Friday, March 29, 2013

Turning

Once again for me things are slowly moving, things firmly established (memories, attitudes, perceptions) are slowly shifting like tectonic plates - I'm watching land buckle in some areas and oceans expand in other regions. Some parts of my life are under immense pressure and are grinding, crunching and crumbling, rumpling up into little mountain ranges that will need to be surveyed and traversed. Other parts - intellectual, emotional, spiritual - are fanning out into three dimensions and yearning to be plunged and understood. It's this knowing that I don't yet know the dimensions of my self which is humbling and painful too.

When this happens I start to write - hi!
It's not something that will ever stop happening. Life turns. This is the wheel creaking back into motion again.

I guess learning to turn with grace is the most important lesson at this interval. Learning to accept and move forward, learning the right pace, the right direction, the most adroit footwork: and tangoing with your own troubles, looking deep into troubles eyes, holding troubles clammy hands and getting to know trouble intimately. Trouble is like a friend who doesn't want to dance at a party, they'd rather you stand with them on the side, shoulders hunched and arms crossed, whilst everybody else thrashes and jerks and yodels with an untamed vigour and frothy-mouthed thirst for life. Trouble will hold you back. My troubles have held me back and sat me down and been smarmy and cynical about people with popping veins and sweaty foreheads.
I want popping veins and a sweaty forehead.

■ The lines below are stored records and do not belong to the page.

(* The smallest eigenvalue of $P_{DC}^N=\tilde{\Pi}^N P_{DC} \tilde{\Pi}^N$ is \begin{equation*} \lambda^N_{\mathrm{min}}=\begin{cases} \frac{1}{2} -\frac{1}{2} \sqrt{(2p_{z}-1)^2+8\cdot 2^{-N}(p_{z}-p_{z}^2)} & N \text{ odd},\\ \frac{1}{2} -\frac{1}{2} \sqrt{(2p_{z}-1)^2+16\cdot 2^{-N}(p_{z}-p_{z}^2)} & N \text{ even}. \end{cases} \end{equation*}
   Context: Bob uses active basis choice with perfect-efficiency threshold detectors on a two-polarization-mode Fock space $\mathcal{H}_B$. His double-click POVM element in the $H/V$ basis is $P_{H/V} = \sum_{n_V=1}^\infty \sum_{n_H=1}^\infty |n_H,n_V\rangle\langle n_H,n_V|$, and $P_{D/A}$ is defined analogously in the diagonal/anti-diagonal basis. With $H/V$ chosen with probability $p_z$, the total double-click POVM is $P_{DC} = p_{z} P_{H/V}+ (1-p_{z}) P_{D/A}$. For $N=0,1,2,\dots$, the projector onto the total $N$-photon subspace is $\tilde{\Pi}^N = \sum_{n=0}^N |n,N-n\rangle\langle n,N-n|_{H/V}=\sum_{n=0}^N |n,N-n\rangle\langle n,N-n|_{D/A}$; $P_{DC}$ is block-diagonal with respect to these projectors. *)

From HB Require Import structures.
From mathcomp Require Import all_boot all_order all_algebra.
Set Implicit Arguments. Unset Strict Implicit. Unset Printing Implicit Defensive.
Import Order.TTheory GRing.Theory Num.Theory.
Local Open Scope ring_scope.

(* The total N-photon subspace  Pi~^N H_B  of the two-polarization-mode Fock
   space is represented in coordinates w.r.t. its H/V Fock basis
   |k, N-k>_{H/V}, k = 0..N  (column vectors in 'cV[R]_(N.+1)).
   All amplitudes involved are real, so a real field R suffices. *)

Definition hv_ket (R : rcfType) (N : nat) (n : 'I_N.+1) : 'cV[R]_(N.+1) :=
  \col_(k < N.+1) (if k == n then 1 else 0).

(* Coordinate  <k, N-k|_{H/V} |n, N-n>_{D/A}  with the mode convention
   a_D = (a_H + a_V)/sqrt 2,  a_A = (a_H - a_V)/sqrt 2, i.e.
   |n,N-n>_{D/A} = (a_D^dag)^n (a_A^dag)^(N-n) |0> / sqrt(n! (N-n)!). *)
Definition da_coef (R : rcfType) (N n k : nat) : R :=
  Num.sqrt ((k`! * (N - k)`!)%:R / (n`! * (N - n)`!)%:R) / Num.sqrt (2 ^+ N)
  * \sum_(i < k.+1)
      ('C(n, i) * 'C(N - n, k - i))%:R * (-1) ^+ (N - n - (k - i)).

Definition da_ket (R : rcfType) (N : nat) (n : 'I_N.+1) : 'cV[R]_(N.+1) :=
  \col_(k < N.+1) da_coef R N n k.

Definition ket_proj (R : rcfType) (m : nat) (v : 'cV[R]_m) : 'M[R]_m :=
  v *m v^T.

Definition PHV_N (R : rcfType) (N : nat) : 'M[R]_(N.+1) :=
  \sum_(n < N.+1 | (1 <= n)%N && (1 <= N - n)%N) ket_proj (hv_ket R n).

Definition PDA_N (R : rcfType) (N : nat) : 'M[R]_(N.+1) :=
  \sum_(n < N.+1 | (1 <= n)%N && (1 <= N - n)%N) ket_proj (da_ket R n).

Definition PDC_N (R : rcfType) (pz : R) (N : nat) : 'M[R]_(N.+1) :=
  pz *: PHV_N R N + (1 - pz) *: PDA_N R N.

Definition lambda_min (R : rcfType) (pz : R) (N : nat) : R :=
  2^-1 - 2^-1 * Num.sqrt ((2 * pz - 1) ^+ 2
      + (if odd N then 8 else 16) * (2 ^+ N)^-1 * (pz - pz ^+ 2)).

From HB Require Import structures.
From mathcomp Require Import all_boot all_order all_algebra.
From mathcomp Require Import ring lra zify.
Import Order.TTheory GRing.Theory Num.Theory.
Set Implicit Arguments.
Unset Strict Implicit.
Unset Printing Implicit Defensive.
Local Open Scope ring_scope.

(* On the N-photon block, P_{H/V} and P_{D/A} are the identity minus the projectors onto
   the two states |N,0>, |0,N> of their basis that do not double-click, so
   P_DC^N = 1 - Q with Q = p_z (|e_0><e_0| + |e_N><e_N|) + (1 - p_z) (|u_0><u_0| + |u_N><u_N|),
   and lambda_min = 1 - mu for the largest eigenvalue mu of Q.  The D/A kets are orthonormal
   (orthogonality of Krawtchouk polynomials, read off from the generating function
   (X + Y)^m (X - Y)^(N-m)), and <e_i|u_j> = 2^(-N/2), except <e_0|u_0> = (-1)^N 2^(-N/2).
   On the span of these four vectors mu is the largest root of
   mu^2 - mu + (1 - k 2^-N) p_z (1 - p_z) = 0, with k = 2 for N odd and k = 4 for N even:
   an explicit eigenvector attains it, and a sum-of-squares certificate gives
   |Q v|^2 <= mu <Q v, v>, hence <Q v, v> <= mu |v|^2 for every v. *)

Lemma fact_binomial_sym N m k i : (m <= N)%N -> (k <= N)%N -> (i <= k)%N -> (i <= m)%N ->
  (k - i <= N - m)%N ->
  (k`! * (N - k)`! * ('C(m, i) * 'C(N - m, k - i)) =
   m`! * (N - m)`! * ('C(k, i) * 'C(N - k, m - i)))%N.
Proof.
move=> le_mN le_kN le_ik le_im le_kiNm.
have le_miNk : (m - i <= N - k)%N by lia.
have rest : (N - k - (m - i) = N - m - (k - i))%N by lia.
have := bin_fact le_im; have := bin_fact le_kiNm; have := bin_fact le_ik.
have := bin_fact le_miNk; rewrite rest.
set d := (N - m - (k - i))%N => fNk fk fNm fm.
apply/eqP; rewrite -(@eqn_pmul2r (i`! * (m - i)`! * ((k - i)`! * d`!))); last first.
  by rewrite !muln_gt0 !fact_gt0.
apply/eqP; transitivity
  (k`! * (N - k)`! * ('C(m, i) * (i`! * (m - i)`!)) * ('C(N - m, k - i) * ((k - i)`! * d`!)))%N.
  by ring.
by rewrite fNm fm -fk -fNk; ring.
Qed.

Section Krawtchouk.
Variable A : comNzRingType.

Definition kraw_term (N m k i : nat) : A :=
  ('C(m, i) * 'C(N - m, k - i))%:R * (-1) ^+ (N - m - (k - i)).

Definition kraw (N m k : nat) : A := \sum_(i < k.+1) kraw_term N m k i.

Lemma coef_XaddC_exp (c : A) n i :
  (('X + c%:P) ^+ n)`_i = c ^+ (n - i) *+ 'C(n, i).
Proof.
elim: n i => [|n IH] [|i]; first by rewrite expr0 coef1 mulr1n.
- by rewrite expr0 coef1.
- by rewrite exprS mulrDl coefD coefXM coefCM add0r IH !subn0 !bin0 !mulr1n exprS.
rewrite exprS mulrDl coefD coefXM coefCM /= !IH binS mulrnDr subSS addrC.
congr (_ + _); have [lt_in|lt_ni] := leqP i.+1 n.
  by rewrite mulrnAr -exprS; have -> : (n - i.+1).+1 = (n - i)%N by lia.
by rewrite bin_small // !mulr0n mulr0.
Qed.

Lemma coef_kraw_gen (b : A) N m k : (m <= N)%N ->
  (('X + b%:P) ^+ m * ('X + (- b)%:P) ^+ (N - m))`_k = kraw N m k * b ^+ (N - k).
Proof.
move=> le_mN; rewrite coefM /kraw /kraw_term big_distrl /=; apply: eq_bigr => -[i lt_ik] _ /=.
rewrite !coef_XaddC_exp.
have [le_im|lt_mi] := leqP i m; last by rewrite (bin_small lt_mi) mul0n mulr0n !mul0r.
have [le_ki|lt_ki] := leqP (k - i) (N - m); last first.
  by rewrite (bin_small lt_ki) muln0 mulr0 !mul0r.
rewrite (exprNn b) -(mulr_natl (b ^+ _) 'C(m, i)) -(mulr_natl (_ * _) 'C(N - m, k - i)) natrM.
have -> : b ^+ (N - k) = b ^+ (m - i) * b ^+ (N - m - (k - i)).
  by rewrite -exprD; congr (_ ^+ _); lia.
ring.
Qed.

I don't want to seem too buoyant, but right this moment I feel hopeful. I feel that by turning and changing just as seasons turn, just as the Earth turns, just as a whirling dervish turns, I will find what I need and see 360 degrees of my situation as I go.

Incorrect example of productive turning.

Put the inside on the outside - is it good?

I think that song is from the Simpsons or some other delicious low grade popular social commentary text, and I believe it was a jingle in the cartoon for a chocolate bar... "oozy gooey chewy on the inside... crunchy munchy chocolate on the outside... you put the inside on the outside, is it good?" or something of a similar ilk.

Being part of the world means putting your inside on the outside.
Art has also for a long time been about putting the inside on the outside and then wondering whether it's good. To avoid having to wonder  whether what they're doing is good nowadays plenty of people just put the outside on the outside; they find something about the world and show it in a new light by making it ambiguous or concrete. Instead of being inventors they've turned to salespeople. Instead of having to wonder whether their insides are good or bad they can look at ideas and attitudes and occurrences in the world and say "this is bad, I'll show you how bad it is". Often in contemporary art people don't say "this is good, I'll show you how good it is", because faith isn't as eye catching as heresy. So I'm starting to see contemporary art as a locus where artists are less like people and more like agencies of consciousness - conduits of a collective vision. Instead of art being about art or artists, art is about us.

I feel that people not engaged with that contemporary commercial cult of art may often see artists as people with long feelings that unravel like some abstract line drawled across canvasses large enough to engulf a persons entire line of sight - lines potent with emotion, drawn out of them directly from the heart, down the left arm and through a paintbrush. Certainly those people do exist, and anyone can be that person. But the problem with putting the inside on the outside like that is that the need then arises to wonder whether it's good.

I guess I'm returning to a question I've already asked with an answer I've already found... Good and bad should be eliminated from vocabulary. Good and bad are too ethereal and have no human voice behind them. Wise and unwise are more relatable. I can imagine what a wise person does far more easily than imagine what a good person does.

I'm going to see art as wise and unwise.

Put the inside on the outside - is it good?




Sunday, March 24, 2013

Places that need to be beautiful

Schools need to be beautiful.

People care more when they break a ming vase than when they break a mass produced cheap bowl that was cast from a mold.
Our schools need to be unique, expensive and well designed because otherwise they get vandalised and dilapidated, and because of the psychological complications that stem from being around ugliness. Places that have consciousness invested in them - often places of worship - are revered and maintained. Schools are our temples in which we pray for the future by doing charity work (let's face it - might as well be unpaid) so why don't we make them look holy?

With children, what you put in is what you get out - when you feed kids red icy-poles they turn feral.  If what you put in is what you get out, a human who ingests beautiful things through the eyes knows how to be beautiful (ordered, precise, considered, delicate, charming) more than someone who sees under fluorescent lighting and is caged inside of boxes made from board-formed concrete where shouting and door slams echo at an unbearably loud volume.